Alliance’s Trevor Lunn said he had “various” problems with the motion and that the only bit he could agree with regarded ensuring funding. He said the centre is doing excellent work with its current model and the only change that should be considered is extra support.

The DUP’s Phillip Logan said he agreed with Mr Lunn, and that “the centre's data shows that, up to April 2016, almost 15,000 parents and 17,000 professionals in the Republic of Ireland and 4,500 parents and almost 20,000 professionals in Northern Ireland attended the centre's training events, which are held in venues across both countries.”

Sinn Fein’s Jennifer McCann said the motion is seeking to add to what is happening at Middletown and was “not saying that its direction is wrong”.

Pam Cameron, of the DUP, said she was “conscious that there is a lack of evidence to support the need for, or the implied success of, any proposed residential facility.”

Mrs Barton said she was concerned about the “minimal provision” in the Programme for Government regarding special needs, and that it is also crucial to consider partnerships with allied health professionals when thinking about best-possible provision for autism.

Kellie Armstrong, Alliance, said she is fully behind better overall provision for people and families affected by autism, and she is also fully behind Middletown’s current approach, but noted that there are occasions when residential services are useful and she does not believe they should be dismissed entirely.

Green Party leader Steven Agnew said he had heard no evidence that supports a reconfiguration of Middletown’s services, and its model seems in line with current thinking across a range of health issues.

The Minister

Peter Weir, the Education Minister, welcomed the debate and while he disagreed with the motion he appreciated “that the motivation behind it is very genuine and sincere in trying to focus on the particular way forward for Middletown.”

He acknowledged wider concerns about local autism provision but noted that Middletown itself is very highly regarded and, while there might be times when residential services are productive, the shift in focus for the centre has yielded great results, reflected in two extremely positive inspections in 2012 and again in 2016.

“It is unfortunate that the proposers of the motion appear to have missed those positive reports and focused instead on the lack of residential assessment, perceiving that to be a setback to autism services. I do not believe that that is the case. We are all aware of the background; I have dealt with it.

“The outreach service is fundamentally the same assessment and support service for children with autism as was originally intended. It provides the assessment, therapies and education plan to meet the individual needs of the child.
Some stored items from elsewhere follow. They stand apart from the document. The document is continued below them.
Lemma return_err_periodic b d p (z0 : int) : (0 < p)%N -> 2 ^+ p * b - b = z0%:~R ->
  forall m e, return_err b d m e -> exists2 i, (i < p)%N & return_err b d i e.
Proof.
move=> p0 hp m e [he [z ez]].
suff [i ip [w hw]] : exists2 i, (i < p)%N & exists w : int, 2 ^+ m * b = 2 ^+ i * b + w%:~R.
  by exists i => //; split=> //; exists (z - w); rewrite ez hw intrB; ring.
elim/ltn_ind: m {he ez} => m IH; have [mp|pm] := ltnP m p.
  by exists m => //; exists 0; rewrite addr0.
have [|i ip [w hw]] := IH (m - p)%N; first by lia.
exists i => //; exists (w + z0 * 2 ^+ (m - p)).
have -> : (2 : R) ^+ m = 2 ^+ (m - p) * 2 ^+ p by rewrite -exprD subnK.
rewrite -mulrA -[2 ^+ p * b](subrK b) hp mulrDr hw.
by rewrite intrD intrM rmorphXn /=; ring.
Qed.

Lemma step_contracts_err0 b d d' : (forall m e, return_err b d m e -> e = 0) ->
  step_contracts b d d'.
Proof.
move=> err0 m e v m0 /err0 -> hv; rewrite addr0 normrM normfV.
have e1 : 1 <= `|(2 : R) ^+ m| by rewrite normrX ger0_norm // exprn_ege1 // ler1n.
apply: le_lt_trans hv; rewrite ler_pdivrMr ?(lt_le_trans ltr01 e1) //.
by rewrite ler_peMr.
Qed.

Lemma step_contracts_long b d d' M :
  (forall m e, (0 < m)%N -> return_err b d m e -> (M <= m)%N) -> d' + d <= 2 ^+ M * d' ->
  step_contracts b d d'.
Proof.
move=> long hM m e v m0 he hv; have [hed _] := he.
have e2 : 0 < (2 : R) ^+ m by rewrite exprn_gt0.
rewrite normrM normfV (ger0_norm (ltW e2)) ltr_pdivrMr //.
have hve : `|v| + `|e| < d' + d by lra.
apply: le_lt_trans (ler_normD _ _) (lt_le_trans hve (le_trans hM _)).
rewrite mulrC; apply: ler_wpM2l; first exact: le_trans (normr_ge0 v) (ltW hv).
by rewrite ler_eXn2l ?ltr1n // (long _ _ m0 he).
Qed.

Lemma exists_long_return_bound lam (Y : R) : 1 < lam -> 0 < Y -> exists M, [/\ (0 < M)%N,
  1 <= lam ^+ M.-1 * (lam - 1) & Y <= 2 ^+ M].
Proof.
move=> l1 Y0; have l0 : 0 < lam - 1 by lra.
have lV : `|lam^-1| < 1 by rewrite ger0_norm ?invr_ge0 ?invf_lt1 //; lra.
have hV : `|2^-1 : R| < 1 by rewrite ger0_norm ?invr_ge0 ?invf_lt1 ?ltr1n.
have YV : 0 < Y^-1 by rewrite invr_gt0.
have [N _ hN] := filterI (expr_eventually_le lV l0) (expr_eventually_le hV YV).
have [hl h2] := hN N (leqnn N); exists N.+1; split=> //=.
  have lam0 : 0 < lam ^+ N by rewrite exprn_gt0 //; lra.
  by move: hl; rewrite exprVn -div1r ler_pdivrMr // mulrC.
move: h2; rewrite exprVn lef_pV2 ?posrE ?exprn_gt0 // => h2.
by apply: le_trans h2 _; rewrite ler_eXn2l ?ltr1n.
Qed.

Lemma exists_contracting_scale b C lam : 1 < C -> 1 < lam -> exists d, [/\ 0 < d, d < 1 / 2,
  step_contracts b d (d / (2 * C)) & forall n, few_endpoints b d n (lam ^+ n)].
Proof.
move=> C1 l1; have [|M [M0 hM h2M]] := @exists_long_return_bound lam (2 * C + 1) l1; first lra.
have [[p [p0 [z0 hp]]]|aper] :=
  pselect (exists p, (0 < p)%N /\ exists z0 : int, 2 ^+ p * b - b = z0%:~R).
  have [d [d0 d12 err0]] := exists_return_err_eq0 b p.
  have {}err0 m e : return_err b d m e -> e = 0.
    by move=> /(return_err_periodic p0 hp) [i ip]; apply: err0.
  exists d; split=> //; first exact: step_contracts_err0.
  move=> n; have [cs [hs hc]] := few_endpoints_err0 n err0.
  by exists cs; split=> //; apply: le_trans hs (exprn_ege1 _ (ltW l1)).
have [d [d0 d12 err0]] := exists_return_err_eq0 b M.
have long m e : (0 < m)%N -> return_err b d m e -> (M <= m)%N.
  move=> m0 he; rewrite leqNgt; apply/negP => mM; apply: aper; exists m; split=> //.
  have [_ [z ez]] := he; exists z.
  by move: ez; rewrite (err0 _ _ mM he) => ?; lra.
exists d; split=> //; last exact: few_endpoints_long (ltW d12) l1 M0 hM long.
apply: step_contracts_long long _.
have C0 : 0 < 2 * C by lra.
have -> : d / (2 * C) + d = d / (2 * C) * (2 * C + 1) by field; lra.
rewrite mulrC; apply: ler_wpM2r h2M; rewrite divr_ge0 //; lra.
Qed.

End SmallScales.

Section Hausdorff.
Variable R : realType.
Implicit Types (s : R) (U A : set R).

Definition hval s U : R := if pselect (U = set0) then 0 else powR (diamR U) s.

Lemma htermE s U : hterm s U = (hval s U)%:E.
Proof. by []. Qed.

Lemma hval_ge0 s U : 0 <= hval s U.
Proof. by rewrite /hval; case: (pselect (U = set0)) => U0 //; exact: powR_ge0. Qed.

Lemma hval_set0 s : hval s set0 = 0.
Proof. by rewrite /hval; case: (pselect (set0 = set0)). Qed.

Lemma hval_le s (D : R) U : 0 <= s ->
  (forall x y, U x -> U y -> `|x - y| <= D) -> hval s U <= powR D s.
Proof.
move=> s0 hU; rewrite /hval; case: (pselect (U = set0)) => U0; first exact: powR_ge0.
have /set0P [x0 Ux0] : U != set0 by apply/eqP.
set E := [set d | exists x y, U x /\ U y /\ d = `|x - y|].
have E0 : E 0 by exists x0, x0; rewrite subrr normr0.
have Eub : ubound E D by move=> _ [x [y [Ux [Uy ->]]]]; exact: hU.
have diam0 : 0 <= diamR U by apply: ub_le_sup E0; exists D.
have diamD : diamR U <= D by apply: ge_sup => //; exists 0.
by apply: ge0_ler_powR => //; rewrite nnegrE (le_trans diam0).
Qed.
However, significantly, it is delivered in the child’s home and school setting for up to three school terms, instead of residentially at the Middletown centre.

“In fact, the service is having a wide-ranging positive impact not just on the referred pupils but on teachers, parents, siblings and other members of the family and, indeed, other children with autism who attend that child’s school.
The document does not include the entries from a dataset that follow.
(* Under Rayleigh fading (all $m_{ij}=1$), for every target rate $r>0$, $P_{\rm r}>0$ and $\mathcal C_x\in[0,1)$, \[ \mathcal P_{\rm sr}(P_{\rm r},\mathcal C_x)\le 1-\exp\!\left(-\frac{P_{\rm r}\pi_{\rm rr}+1}{P_{\rm s}\pi_{\rm sr}}\Psi_r(\alpha\,\mathcal C_x)\right)=:\mathcal P^{\rm UB}_{\rm sr,RF}(P_{\rm r},\mathcal C_x), \qquad \alpha=\frac{P_{\rm r}\pi_{\rm rr}}{P_{\rm r}\pi_{\rm rr}+1}. \]
   Context: Let $P_{\rm s}>0$, $P_{\rm r}>0$ be the source and relay transmit powers. Rayleigh fading: $g_{\rm sr},g_{\rm rr}$ are independent exponential random variables with means $\pi_{\rm sr},\pi_{\rm rr}>0$. For $\mathcal C_x\in[0,1)$ define $R_{\rm sr}(P_{\rm r},\mathcal C_x)=\tfrac12\log_2\frac{(P_{\rm s}g_{\rm sr}+P_{\rm r}g_{\rm rr}+1)^2-(P_{\rm r}g_{\rm rr}\mathcal C_x)^2}{(P_{\rm r}g_{\rm rr}+1)^2-(P_{\rm r}g_{\rm rr}\mathcal C_x)^2}$. For a target rate $r>0$ put $\gamma=2^{2r}-1$ and $\Psi_r(x)=\sqrt{1+\gamma(1-x^2)}-1$. The S–R outage probability is $\mathcal P_{\rm sr}=\mathbb P\{R_{\rm sr}<r\}$. *)

From Stdlib Require Import Reals.
Open Scope R_scope.

Definition log2 (x : R) : R := ln x / ln 2.

Definition Rsr (Ps Pr Cx gsr grr : R) : R :=
  / 2 * log2 (((Ps * gsr + Pr * grr + 1) ^ 2 - (Pr * grr * Cx) ^ 2) /
              ((Pr * grr + 1) ^ 2 - (Pr * grr * Cx) ^ 2)).

Definition gamma_r (r : R) : R := Rpower 2 (2 * r) - 1.
Definition Psi (r x : R) : R := sqrt (1 + gamma_r r * (1 - x ^ 2)) - 1.

Definition exp_density (m x : R) : R := / m * exp (- x / m).

Definition outage_ind (Ps Pr Cx r gsr grr : R) : R :=
  if Rlt_dec (Rsr Ps Pr Cx gsr grr) r then 1 else 0.

Definition ImproperInt0 (f : R -> R) (l : R) : Prop :=
  exists F : R -> R,
    (forall b, 0 <= b -> exists pr : Riemann_integrable f 0 b, RiemannInt pr = F b) /\
    (forall eps, 0 < eps -> exists M, forall b, M <= b -> Rabs (F b - l) < eps).

(* P_sr = P{R_sr < r} with gsr ~ Exp(mean pisr), grr ~ Exp(mean pirr) independent,
   written as the iterated integral
   int_0^oo ( int_0^oo 1{R_sr(x,y)<r} f_sr(x) dx ) f_rr(y) dy = P. *)
Definition outage_prob_is (Ps Pr Cx r pisr pirr P : R) : Prop :=
  exists I : R -> R,
    (forall y, 0 <= y ->
       ImproperInt0 (fun x => outage_ind Ps Pr Cx r x y * exp_density pisr x) (I y)) /\
    ImproperInt0 (fun y => I y * exp_density pirr y) P.

Definition Psr_UB_RF (Ps Pr Cx r pisr pirr : R) : R :=
  let alpha := Pr * pirr / (Pr * pirr + 1) in
  1 - exp (- ((Pr * pirr + 1) / (Ps * pisr)) * Psi r (alpha * Cx)).

(* Conditionally on the loop gain [grr = y], outage forces the source SNR [Ps gsr] below a
   threshold [t (Pr y)], so the conditional outage probability is at most the exponential cdf
   [F (t (Pr y) / Ps)] of [gsr].  The threshold is [sqrt q - a - 1] for a quadratic [q] with
   [4AD <= B^2], hence concave, and [F] is concave and nondecreasing; so the conditional bound is
   concave in [y], and Jensen's inequality (via its tangent line at the mean) bounds its average
   over [grr ~ Exp(pirr)] by its value at [y = pirr], which is the claimed expression. *)

From Stdlib Require Import Reals Lra Psatz.
From Coquelicot Require Import Coquelicot.
Open Scope R_scope.

Definition exp_cdf (m x : R) : R := 1 - exp (- x / m).

Lemma ImproperInt0_le (f : R -> R) (l K : R) :
  (forall b, 0 <= b -> ex_RInt f 0 b -> RInt f 0 b <= K) ->
  ImproperInt0 f l -> l <= K.
Proof.
  intros HK [F [HF Hl]].
  destruct (Rle_lt_dec l K) as [H | H]; [exact H | exfalso].
  destruct (Hl (l - K)) as [M HM]; [lra |].
  pose proof (Rmax_r M 0) as Hb.
  destruct (HF _ Hb) as [pr Hpr].
  pose proof (HK _ Hb (ex_RInt_Reals_1 _ _ _ pr)) as HFK.
  rewrite (RInt_Reals _ _ _ pr), Hpr in HFK.
  pose proof (Rabs_def2 _ _ (HM _ (Rmax_l M 0))).
  lra.
Qed.

Section ExponentialDistribution.

Variable m : R.
Hypothesis m_pos : 0 < m.

Lemma exp_density_nonneg (x : R) : 0 <= exp_density m x.
Proof.
  unfold exp_density. apply Rmult_le_pos.
  - apply Rlt_le, Rinv_0_lt_compat, m_pos.
  - apply Rlt_le, exp_pos.
Qed.

Lemma exp_cdf_le (x y : R) : x <= y -> exp_cdf m x <= exp_cdf m y.
Proof.
  intros Hxy. unfold exp_cdf.
  assert (Harg : - y / m <= - x / m)
    by (apply Rmult_le_compat_r; [apply Rlt_le, Rinv_0_lt_compat, m_pos | lra]).
  destruct (Rle_lt_or_eq_dec _ _ Harg) as [Hlt | ->]; [apply exp_increasing in Hlt |]; lra.
Qed.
“It is difficult to see that outstanding provision as a setback for autism, considering that those wider-reaching impacts would never have been achieved if we had simply gone down the residential route.”

Mr McElduff had also asked the minister to comment on ‘Broken Promises’, a joint report from the National Autistic Society (NAS) and Autism NI, with Mr Weir responding: “There has been a great deal of criticism, particularly of the diagnostic side of things. Delivery for probably the majority of 'Broken Promises' lies with the Department of Health, which leads on autism, but I am very encouraged by the level of engagement across the Executive with Autism NI and the National Autistic Society NI.

“It has not been just me. I know that the Health Minister, the First Minister and the deputy First Minister have recently met representatives of those organisations. There is a determination to try to resolve the issues. As we move through the mandate, we will be contributing to the ongoing autism strategy, the lead for which again lies with another Department.”

The motion was, by leave, withdrawn.